Task:
Your answer should consist of the lines holding "split", copied from the material below.
___ Given records
(* Let $K$ be an arbitrary field, let $V_1,\dots,V_m$ and $V$ be $K$-vector spaces, and let $f\colon \prod_{i=1}^m V_i\to V$ be a multilinear map (linear in each argument separately). If $\operatorname{Im} f$ contains two vectors that are not proportional, then $\operatorname{Im} f$ contains a $2$-dimensional linear subspace of $V$. In particular, if $\dim V=2$ then $\operatorname{Im} f=V$. *)

From HB Require Import structures.
From mathcomp Require Import all_boot all_order all_algebra.
Set Implicit Arguments. Unset Strict Implicit. Unset Printing Implicit Defensive.
Import GRing.Theory.
Local Open Scope ring_scope.

Definition multilinear (K : fieldType) (m : nat) (Vs : 'I_m -> lmodType K)
    (V : lmodType K) (f : (forall i, Vs i) -> V) : Prop :=
  forall (x : forall i, Vs i) (i : 'I_m) (a : K) (u v : Vs i),
    f (dfwith x (a *: u + v)) = a *: f (dfwith x u) + f (dfwith x v).

Definition in_image (K : fieldType) (m : nat) (Vs : 'I_m -> lmodType K)
    (V : lmodType K) (f : (forall i, Vs i) -> V) (v : V) : Prop :=
  exists x, f x = v.

Definition proportional (K : fieldType) (V : lmodType K) (u w : V) : Prop :=
  (exists a : K, u = a *: w) \/ (exists a : K, w = a *: u).

Definition lin_indep2 (K : fieldType) (V : lmodType K) (u w : V) : Prop :=
  forall a b : K, a *: u + b *: w = 0 -> a = 0 /\ b = 0.

Definition contains_2dim_subspace (K : fieldType) (m : nat)
    (Vs : 'I_m -> lmodType K) (V : lmodType K) (f : (forall i, Vs i) -> V)
    : Prop :=
  exists u w : V, lin_indep2 u w /\
    forall a b : K, in_image f (a *: u + b *: w).

(* Induct on the number of coordinates in which two points x, y with
   non-proportional images differ.  Pick such a coordinate i and let
   x' = x[i := y_i], y' = y[i := x_i].  If f x and f x' are not proportional,
   the linear map u |-> f (x[i := u]) already has a 2-dimensional subspace in
   its image; if f x' and f y are not proportional, the pair (x', y) differs in
   fewer coordinates.  Otherwise f x' is proportional to two non-proportional
   vectors, hence 0, and likewise f y' = 0; then by linearity in slot i the
   points x[i := x_i + y_i] and y[i := x_i + y_i] have images f x and f y and
   differ in fewer coordinates. *)

From HB Require Import structures.
From mathcomp Require Import all_boot all_order all_algebra.
From Stdlib Require Import Classical FunctionalExtensionality.
Set Implicit Arguments. Unset Strict Implicit.
Import GRing.Theory.
Local Open Scope ring_scope.

Section Proportional.
Variables (K : fieldType) (V : lmodType K).
Implicit Types u v w : V.

Lemma proportional_refl v : proportional v v.
Proof. by left; exists 1; rewrite scale1r. Qed.

Lemma proportional_sym u w : proportional u w -> proportional w u.
Proof. by case=> ?; [right | left]. Qed.

Lemma nonproportional_lin_indep2 u w : ~ proportional u w -> lin_indep2 u w.
Proof.
move=> npr a b uw0; have [a0|a_neq0] := eqVneq a 0.
  move: uw0; rewrite a0 scale0r add0r => bw0; split=> //.
  have [//|b_neq0] := eqVneq b 0; exfalso; apply: npr; right; exists 0.
  by rewrite -(scalerK b_neq0 w) bw0 scaler0 scale0r.
exfalso; apply: npr; left; exists (- (b / a)).
rewrite -(scalerK a_neq0 u); move/eqP: uw0; rewrite addr_eq0 => /eqP ->.
by rewrite scalerN scalerA mulrC scaleNr.
Qed.

Lemma proportional_scale_nz u w : proportional u w -> w != 0 ->
  exists a : K, u = a *: w.
Proof.
case=> [[a ->] _|[a w_def] w_neq0]; first by exists a.
have a_neq0 : a != 0 by apply: contraNneq w_neq0 => a0; rewrite w_def a0 scale0r.
by exists a^-1; rewrite w_def scalerK.
Qed.

Lemma proportional_common_eq0 u v w :
  ~ proportional u v -> proportional u w -> proportional v w -> w = 0.
Proof.
move=> npr puw pvw; have [//|w_neq0] := eqVneq w 0; exfalso; apply: npr.
have [a u_def] := proportional_scale_nz puw w_neq0.
have [b v_def] := proportional_scale_nz pvw w_neq0.
have [a0|a_neq0] := eqVneq a 0.
  by left; exists 0; rewrite u_def a0 !scale0r.
by right; exists (b / a); rewrite v_def u_def scalerA divfK.
Qed.

End Proportional.

Section Multilinear.
Variables (K : fieldType) (m : nat) (Vs : 'I_m -> lmodType K) (V : lmodType K).
Variables (f : (forall i, Vs i) -> V) (f_ml : multilinear f).
Implicit Types x y z : forall i, Vs i.

Definition differ x y : {set 'I_m} := [set j | x j != y j].

Lemma dfwith_id x i : dfwith x (x i) = x.
Proof. by apply: functional_extensionality_dep => j; case: dfwithP. Qed.

Lemma differ0_eq x y : differ x y = set0 -> x = y.
Proof.
move=> d0; apply: functional_extensionality_dep => j; apply/eqP.
by have := in_set0 j; rewrite -d0 inE => /negbFE.
Qed.

Lemma differ_dfwith x y i (u : Vs i) :
  differ (dfwith x u) (dfwith y u) \subset differ x y :\ i.
Proof.
apply/subsetP => j; rewrite !inE.
have [<-|ij] := eqVneq i j; first by rewrite !dfwith_in eqxx.
by rewrite !dfwith_out // eq_sym ij.
Qed.

Lemma multilinear_dfwithD z i (u v : Vs i) :
  f (dfwith z (u + v)) = f (dfwith z u) + f (dfwith z v).
Proof. by have := f_ml z 1 u v; rewrite !scale1r. Qed.

Lemma multilinear_dfwith0 z i : f (dfwith z (0 : Vs i)) = 0.
Proof.
have := multilinear_dfwithD z (0 : Vs i) 0.
by rewrite addr0 => /esym/eqP; rewrite -subr_eq0 addrK => /eqP.
Qed.

Lemma multilinear_dfwith_lincomb z i a b (s t : Vs i) :
  f (dfwith z (a *: s + b *: t)) = a *: f (dfwith z s) + b *: f (dfwith z t).
Proof.
by rewrite f_ml -[b *: t]addr0 f_ml multilinear_dfwith0 !addr0.
Qed.

Lemma slice_contains_2dim z i (s t : Vs i) :
  ~ proportional (f (dfwith z s)) (f (dfwith z t)) -> contains_2dim_subspace f.
Proof.
move=> npr; exists (f (dfwith z s)), (f (dfwith z t)).
split; first exact: nonproportional_lin_indep2.
by move=> a b; exists (dfwith z (a *: s + b *: t)); exact: multilinear_dfwith_lincomb.
Qed.

Lemma contains_2dim_or_differ_subset x y i :
  ~ proportional (f x) (f y) ->
  contains_2dim_subspace f \/ exists x' y',
    differ x' y' \subset differ x y :\ i /\ ~ proportional (f x') (f y').
Proof.
move=> npr; set x' := dfwith x (y i); set y' := dfwith y (x i).
have [px'|npx'] := classic (proportional (f x) (f x')); last first.
  by left; apply: (@slice_contains_2dim x i (x i) (y i)); rewrite dfwith_id.
have [py'|npy'] := classic (proportional (f y) (f y')); last first.
  by left; apply: (@slice_contains_2dim y i (y i) (x i)); rewrite dfwith_id.
have [px'y|npx'y] := classic (proportional (f x') (f y)); last first.
  by right; exists x', y; split=> //; have := differ_dfwith x y (y i); rewrite dfwith_id.
have [pxy'|npxy'] := classic (proportional (f x) (f y')); last first.
  by right; exists x, y'; split=> //; have := differ_dfwith x y (x i); rewrite dfwith_id.
have fx'0 := proportional_common_eq0 npr px' (proportional_sym px'y).
have fy'0 := proportional_common_eq0 npr pxy' py'.
right; exists (dfwith x (x i + y i)), (dfwith y (x i + y i)).
split; first exact: differ_dfwith.
by rewrite !multilinear_dfwithD !dfwith_id -/x' -/y' fx'0 fy'0 addr0 add0r.
Qed.

Lemma nonproportional_differ x y :
  ~ proportional (f x) (f y) -> exists i, i \in differ x y.
Proof.
move=> npr; have [d0|[i di]] := set_0Vmem (differ x y); last by exists i.
by case: npr; rewrite (differ0_eq d0); exact: proportional_refl.
Qed.

Lemma nonproportional_images_contains_2dim x y :
  ~ proportional (f x) (f y) -> contains_2dim_subspace f.
Proof.
move: {2}#|differ x y| (erefl #|differ x y|) => n.
elim/ltn_ind: n x y => n IHn x y size_d npr.
have [i di] := nonproportional_differ npr.
have [//|[x' [y' [sub_d npr']]]] := contains_2dim_or_differ_subset i npr.
apply: (IHn _ _ x' y' (erefl _) npr'); rewrite -size_d.
by apply: leq_ltn_trans (subset_leq_card sub_d) _; rewrite (cardsD1 i (differ x y)) di.
Qed.

End Multilinear.

Lemma lin_indep2_spans_dim2 (K : fieldType) (V : vectType K) (u w : V) :
  \dim (fullv : {vspace V}) = 2%N -> lin_indep2 u w ->
  forall v, exists a b : K, v = a *: u + b *: w.
Proof.
move=> dimV uw v.
have w_neq0 : w != 0.
  apply/eqP => w0; case: (uw 0 1) => [|_ /eqP]; last by rewrite oner_eq0.
  by rewrite w0 scaler0 scale0r addr0.
have u_notin_w : u \notin <[w]>%VS.
  apply/negP => /vlineP [k u_def]; case: (uw 1 (- k)) => [|/eqP]; last by rewrite oner_eq0.
  by rewrite u_def scale1r scaleNr subrr.
have free_uw : free [:: u; w] by rewrite free_cons span_seq1 u_notin_w seq1_free.
have span_uw : <<[:: u; w]>>%VS = fullv.
  by apply/eqP; rewrite eqEdim subvf /= dimV (eqP free_uw).
have : v \in <<[:: u; w]>>%VS by rewrite span_uw memvf.
rewrite span_cons span_seq1 => /memv_addP [_ /vlineP [a ->] [_ /vlineP [b ->] ->]].
by exists a, b.
Qed.

Theorem lemma1p31 :
  (forall (K : fieldType) (m : nat) (Vs : 'I_m -> lmodType K)
      (V : lmodType K) (f : (forall i, Vs i) -> V),
    multilinear f ->
    (exists v w : V, in_image f v /\ in_image f w /\ ~ proportional v w) ->
    contains_2dim_subspace f)
  /\
  (forall (K : fieldType) (m : nat) (Vs : 'I_m -> lmodType K)
      (V : vectType K) (f : (forall i, Vs i) -> V),
    multilinear f ->
    (exists v w : V, in_image f v /\ in_image f w /\ ~ proportional v w) ->
    \dim (fullv : {vspace V}) = 2%N ->
    forall v : V, in_image f v).
Proof.
split=> [K m Vs V f f_ml | K m Vs V f f_ml] [_ [_ [[x <-] [[y <-] npr]]]].
  exact: (nonproportional_images_contains_2dim f_ml npr).
move=> dimV v.
have [u [w [uw img]]] := nonproportional_images_contains_2dim f_ml npr.
have [a [b ->]] := lin_indep2_spans_dim2 dimV uw v.
exact: img.
Qed.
______
Reply:
  move: uw0; rewrite a0 scale0r add0r => bw0; split=> //.
split; first exact: nonproportional_lin_indep2.
  by right; exists x', y; split=> //; have := differ_dfwith x y (y i); rewrite dfwith_id.
  by right; exists x, y'; split=> //; have := differ_dfwith x y (x i); rewrite dfwith_id.
split; first exact: differ_dfwith.
split=> [K m Vs V f f_ml | K m Vs V f f_ml] [_ [_ [[x <-] [[y <-] npr]]]].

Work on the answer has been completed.